Input data |
Lemma RInt2_affine c (k l : Z) :
  Defs.RInt (fun s => Defs.RInt (fun t => f (c + IZR k * s + IZR l * t))
                        0 (2 * PI)) 0 (2 * PI)
  = 4 * PI ^ 2 * kron k * kron l * f c.
Proof.
  assert (inner : (fun s => Defs.RInt (fun t => f (c + IZR k * s + IZR l * t)) 0 (2 * PI))
                = (fun s => scal (2 * PI * kron l) (f (c + IZR k * s)))).
  { apply functional_extensionality; intro s.
    exact (RInt_of_is_RInt _ _ _ _ (is_RInt_f_affine (c + IZR k * s) l)). }
  rewrite inner. apply RInt_of_is_RInt.
  replace (4 * PI ^ 2 * kron k * kron l * f c)
    with (scal (2 * PI * kron l) (2 * PI * kron k * f c))
    by (unfold scal; simpl; unfold mult; simpl; ring).
  exact (is_RInt_scal _ 0 (2 * PI) (2 * PI * kron l) _ (is_RInt_f_affine c k)).
Qed.

End DoubleIntegral.

Lemma RInt2_ext (g h : R -> R -> R) :
  (forall s t, g s t = h s t) ->
  Defs.RInt (fun s => Defs.RInt (g s) 0 (2 * PI)) 0 (2 * PI)
  = Defs.RInt (fun s => Defs.RInt (h s) 0 (2 * PI)) 0 (2 * PI).
Proof.
  intro Hgh. f_equal. apply functional_extensionality; intro s. f_equal.
  apply functional_extensionality; intro t. apply Hgh.
Qed.

Definition monomial (p q : Z) : CFun :=
  fun s t => (cos (IZR p * s + IZR q * t), sin (IZR p * s + IZR q * t)).

Lemma fourier_monomial p q m n :
  fourier_re (monomial p q) m n = kron (p - m) * kron (q - n) /\
  fourier_im (monomial p q) m n = 0.
Proof.
  assert (HPI : PI <> 0) by (generalize PI_RGT_0; lra).
  split.
  - unfold fourier_re.
    rewrite (RInt2_ext _ (fun s t => cos (0 + IZR (p - m) * s + IZR (q - n) * t))).
    + rewrite (RInt2_affine cos is_RInt_cos_affine), cos_0. now field.
    + intros s t. unfold monomial; simpl. rewrite <- cos_minus, !minus_IZR.
      f_equal. ring.
  - unfold fourier_im.
    rewrite (RInt2_ext _ (fun s t => sin (0 + IZR (p - m) * s + IZR (q - n) * t))).
    + rewrite (RInt2_affine sin is_RInt_sin_affine), sin_0. ring.
    + intros s t. unfold monomial; simpl. rewrite <- sin_minus, !minus_IZR.
      f_equal. ring.
Qed.

Lemma Rabs_sub_le_of_derive_bound (f f' : R -> R) x y :
  (forall c, derivable_pt_lim f c (f' c)) -> (forall c, Rabs (f' c) <= 1) ->
  Rabs (f x - f y) <= Rabs (x - y).
Proof.
  intros Hf' Hbound.
  destruct (MVT_abs f f' y x) as [c [-> _]]; [intros c _; apply Hf'|].
  pose proof (Hbound c). pose proof (Rabs_pos (x - y)). nra.
Qed.

Lemma cont2_monomial p q : cont2 (monomial p q).
Proof.
  intros s t eps Heps.
  set (K := Rabs (IZR p) + Rabs (IZR q) + 1).
  assert (HK : 0 < K) by (unfold K; generalize (Rabs_pos (IZR p)) (Rabs_pos (IZR q)); lra).
  exists (eps / K). split; [apply Rdiv_lt_0_compat; lra|].
  intros s' t' Hs Ht.
  assert (Hphase : Rabs ((IZR p * s' + IZR q * t') - (IZR p * s + IZR q * t)) < eps).
  { replace ((IZR p * s' + IZR q * t') - (IZR p * s + IZR q * t))
      with (IZR p * (s' - s) + IZR q * (t' - t)) by ring.
    eapply Rle_lt_trans; [apply Rabs_triang|]. rewrite !Rabs_mult.
    assert (Hp : Rabs (IZR p) * Rabs (s' - s) <= Rabs (IZR p) * (eps / K))
      by (apply Rmult_le_compat_l; [apply Rabs_pos|lra]).
    assert (Hq : Rabs (IZR q) * Rabs (t' - t) <= Rabs (IZR q) * (eps / K))
      by (apply Rmult_le_compat_l; [apply Rabs_pos|lra]).
    assert (Hsum : (Rabs (IZR p) + Rabs (IZR q)) * (eps / K) < K * (eps / K))
      by (apply Rmult_lt_compat_r; [apply Rdiv_lt_0_compat|unfold K]; lra).
    replace (K * (eps / K)) with eps in Hsum by (field; lra).
    lra. }
  unfold monomial; simpl. split; eapply Rle_lt_trans; try exact Hphase.
  - apply (Rabs_sub_le_of_derive_bound cos (fun c => - sin c)).
    + apply derivable_pt_lim_cos.
    + intro c. rewrite Rabs_Ropp. apply Rabs_le, SIN_bound.
  - apply (Rabs_sub_le_of_derive_bound sin cos).
    + apply derivable_pt_lim_sin.
    + intro c. apply Rabs_le, COS_bound.
Qed.

Lemma periodic2_monomial p q : periodic2 (monomial p q).
Proof.
  intros s t. unfold monomial.
  replace (IZR p * (s + 2 * PI) + IZR q * t)
    with (IZR p * s + IZR q * t + IZR p * (2 * PI)) by ring.
  replace (IZR p * s + IZR q * (t + 2 * PI))
    with (IZR p * s + IZR q * t + IZR q * (2 * PI)) by ring.
  now rewrite !cos_period_Z, !sin_period_Z.
Qed.

Lemma monomial_inA alpha p q : 0 <= IZR p + alpha * IZR q -> inA alpha (monomial p q).
Proof.
  intro Hpq. split; [split; [apply cont2_monomial|apply periodic2_monomial]|].
  intros m n Hmn. destruct (fourier_monomial p q m n) as [-> ->].
  split; [|reflexivity].
  unfold kron. destruct (Z.eq_dec (p - m) 0); [|ring].
  destruct (Z.eq_dec (q - n) 0); [|ring].
  replace m with p in Hmn by lia. replace n with q in Hmn by lia. lra.
Qed.

Lemma not_inA_monomial alpha m n :
  IZR m + alpha * IZR n < 0 -> ~ inA alpha (monomial m n).
Proof.
  intros Hmn [_ Hcoef]. destruct (Hcoef m n Hmn) as [Hre _].
  destruct (fourier_monomial m n m n) as [Hself _].
  rewrite !Z.sub_diag in Hself. unfold kron in Hself. simpl in Hself. lra.
Qed.

Lemma piA_monomial A p q :
  piA A (monomial p q)
  = monomial (p * ma A + q * mc A) (p * mb A + q * md A).
Proof.
  apply functional_extensionality; intro s; apply functional_extensionality; intro t.
  unfold piA, monomial. rewrite !plus_IZR, !mult_IZR.
  f_equal; f_equal; ring.
Qed.

Lemma exists_Z_mul_lt w M : w <> 0 -> exists q : Z, w * IZR q < M.
Proof.
  intro Hw.
  assert (Hw' : 0 < Rabs w) by now apply Rabs_pos_lt.
  destruct (archimed (Rabs M / Rabs w)) as [HN _].
  set (N := up (Rabs M / Rabs w)) in HN.
  assert (HwN : Rabs M < Rabs w * IZR N).
  { apply (Rmult_lt_compat_l (Rabs w)) in HN; [|exact Hw'].
    replace (Rabs w * (Rabs M / Rabs w)) with (Rabs M) in HN by (field; lra). lra. }
  pose proof (Rle_abs (- M)) as HM. rewrite Rabs_Ropp in HM.
  destruct (Rlt_dec 0 w).
  - exists (- N)%Z. rewrite opp_IZR. rewrite (Rabs_right w) in HwN by lra. nra.
  - exists N. rewrite (Rabs_left w) in HwN by lra. nra.
Qed.

Lemma nonneg_on_halfplane_proportional alpha u v :
  (forall p q : Z, 0 <= IZR p + alpha * IZR q -> 0 <= IZR p * u + IZR q * v) ->
  v = alpha * u.
Proof.
  intro Hform.
  destruct (Req_dec (v - alpha * u) 0) as [|Hw]; [lra|exfalso].
  destruct (exists_Z_mul_lt _ (- Rabs u) Hw) as [q Hq].
  destruct (archimed (- (alpha * IZR q))) as [Hp1 Hp2].
  set (p := up (- (alpha * IZR q))) in *.
  specialize (Hform p q ltac:(lra)).
  (* with L := p + alpha q in [0, 1]:  p u + q v = u L + (v - alpha u) q *)
  assert (HuL : u * (IZR p + alpha * IZR q) <= Rabs u).
  { destruct (Rle_or_lt 0 u).
    - rewrite Rabs_right by lra. nra.
    - rewrite Rabs_left by lra. nra. }
  nra.
Qed.

Definition eigvec_1_alpha (alpha : R) (A : mat2) : Prop :=
  IZR (mc A) + alpha * IZR (md A) = alpha * (IZR (ma A) + alpha * IZR (mb A)).

Lemma eigvec_1_alpha_of_invariant alpha A :
  (forall g, inA alpha g -> inA alpha (piA A g)) -> eigvec_1_alpha alpha A.
Proof.
  intro HA. apply nonneg_on_halfplane_proportional. intros p q Hpq.
  apply Rnot_lt_le; intro Hneg.
  apply (not_inA_monomial alpha (p * ma A + q * mc A) (p * mb A + q * md A)).
  - rewrite !plus_IZR, !mult_IZR. lra.
  - rewrite <- piA_monomial. now apply HA, monomial_inA.
Qed.

Definition irrational (x : R) : Prop :=
  forall p q : Z, q <> 0%Z -> x <> IZR p / IZR q.

Lemma irrational_lin_indep alpha P Q :
  irrational alpha -> IZR P * alpha + IZR Q = 0 -> P = 0%Z /\ Q = 0%Z.
Proof.
  intros Hirr H.
  destruct (Z.eq_dec P 0) as [->|HP].
  - split; [reflexivity|]. apply eq_IZR. lra.
  - exfalso. apply (Hirr (- Q)%Z P HP).
    rewrite opp_IZR. apply not_0_IZR in HP. field_simplify_eq; [lra|exact HP].
Qed.

Lemma mat2_mul_comm_of_eigvec alpha A1 A2 :
  irrational alpha -> alpha <> 0 ->
  eigvec_1_alpha alpha A1 -> eigvec_1_alpha alpha A2 ->
  mat2_mul A1 A2 = mat2_mul A2 A1.
Proof.
  intros Hirr Ha E1 E2.
  destruct A1 as [a1 b1 c1 d1], A2 as [a2 b2 c2 d2]; unfold eigvec_1_alpha in *; simpl in *.
  destruct (irrational_lin_indep alpha (b2 * (a1 - d1) - b1 * (a2 - d2)) (b1 * c2 - b2 * c1) Hirr)
    as [Hb Hbc].
  { rewrite !minus_IZR, !mult_IZR, !minus_IZR.
    apply (f_equal (Rmult (IZR b2))) in E1. apply (f_equal (Rmult (IZR b1))) in E2. lra. }
  destruct (irrational_lin_indep alpha (c2 * b1 - c1 * b2) (c2 * (a1 - d1) - c1 * (a2 - d2)) Hirr)
    as [_ Hc].
  { rewrite !minus_IZR, !mult_IZR, !minus_IZR.
    apply (f_equal (Rmult (IZR c2))) in E1. apply (f_equal (Rmult (IZR c1))) in E2.
    apply (Rmult_eq_reg_l alpha); lra. }
  unfold mat2_mul; simpl. f_equal; lia.
Qed.

Theorem mainTheorem10 (alpha : R) (A1 A2 : mat2) :
  pos_quad_irrational alpha ->
  inGL2Z A1 -> inGL2Z A2 ->
  restricts_to_aut alpha A1 -> restricts_to_aut alpha A2 ->
  mat2_mul A1 A2 = mat2_mul A2 A1.
Proof.
  intros [Hpos [Hirr _]] _ _ [H1 _] [H2 _].
  apply (mat2_mul_comm_of_eigvec alpha); [exact Hirr|lra| |];
    now apply eigvec_1_alpha_of_invariant.
Qed.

Exercise aim |
Where the line holding "v = alpha * u." appears in the listing above, start reproducing exactly, and end with the line holding "assert (HuL : u".

Answer to this exercise |
  v = alpha * u.
Proof.
  intro Hform.
  destruct (Req_dec (v - alpha * u) 0) as [|Hw]; [lra|exfalso].
  destruct (exists_Z_mul_lt _ (- Rabs u) Hw) as [q Hq].
  destruct (archimed (- (alpha * IZR q))) as [Hp1 Hp2].
  set (p := up (- (alpha * IZR q))) in *.
  specialize (Hform p q ltac:(lra)).
  (* with L := p + alpha q in [0, 1]:  p u + q v = u L + (v - alpha u) q *)
  assert (HuL : u * (IZR p + alpha * IZR q) <= Rabs u).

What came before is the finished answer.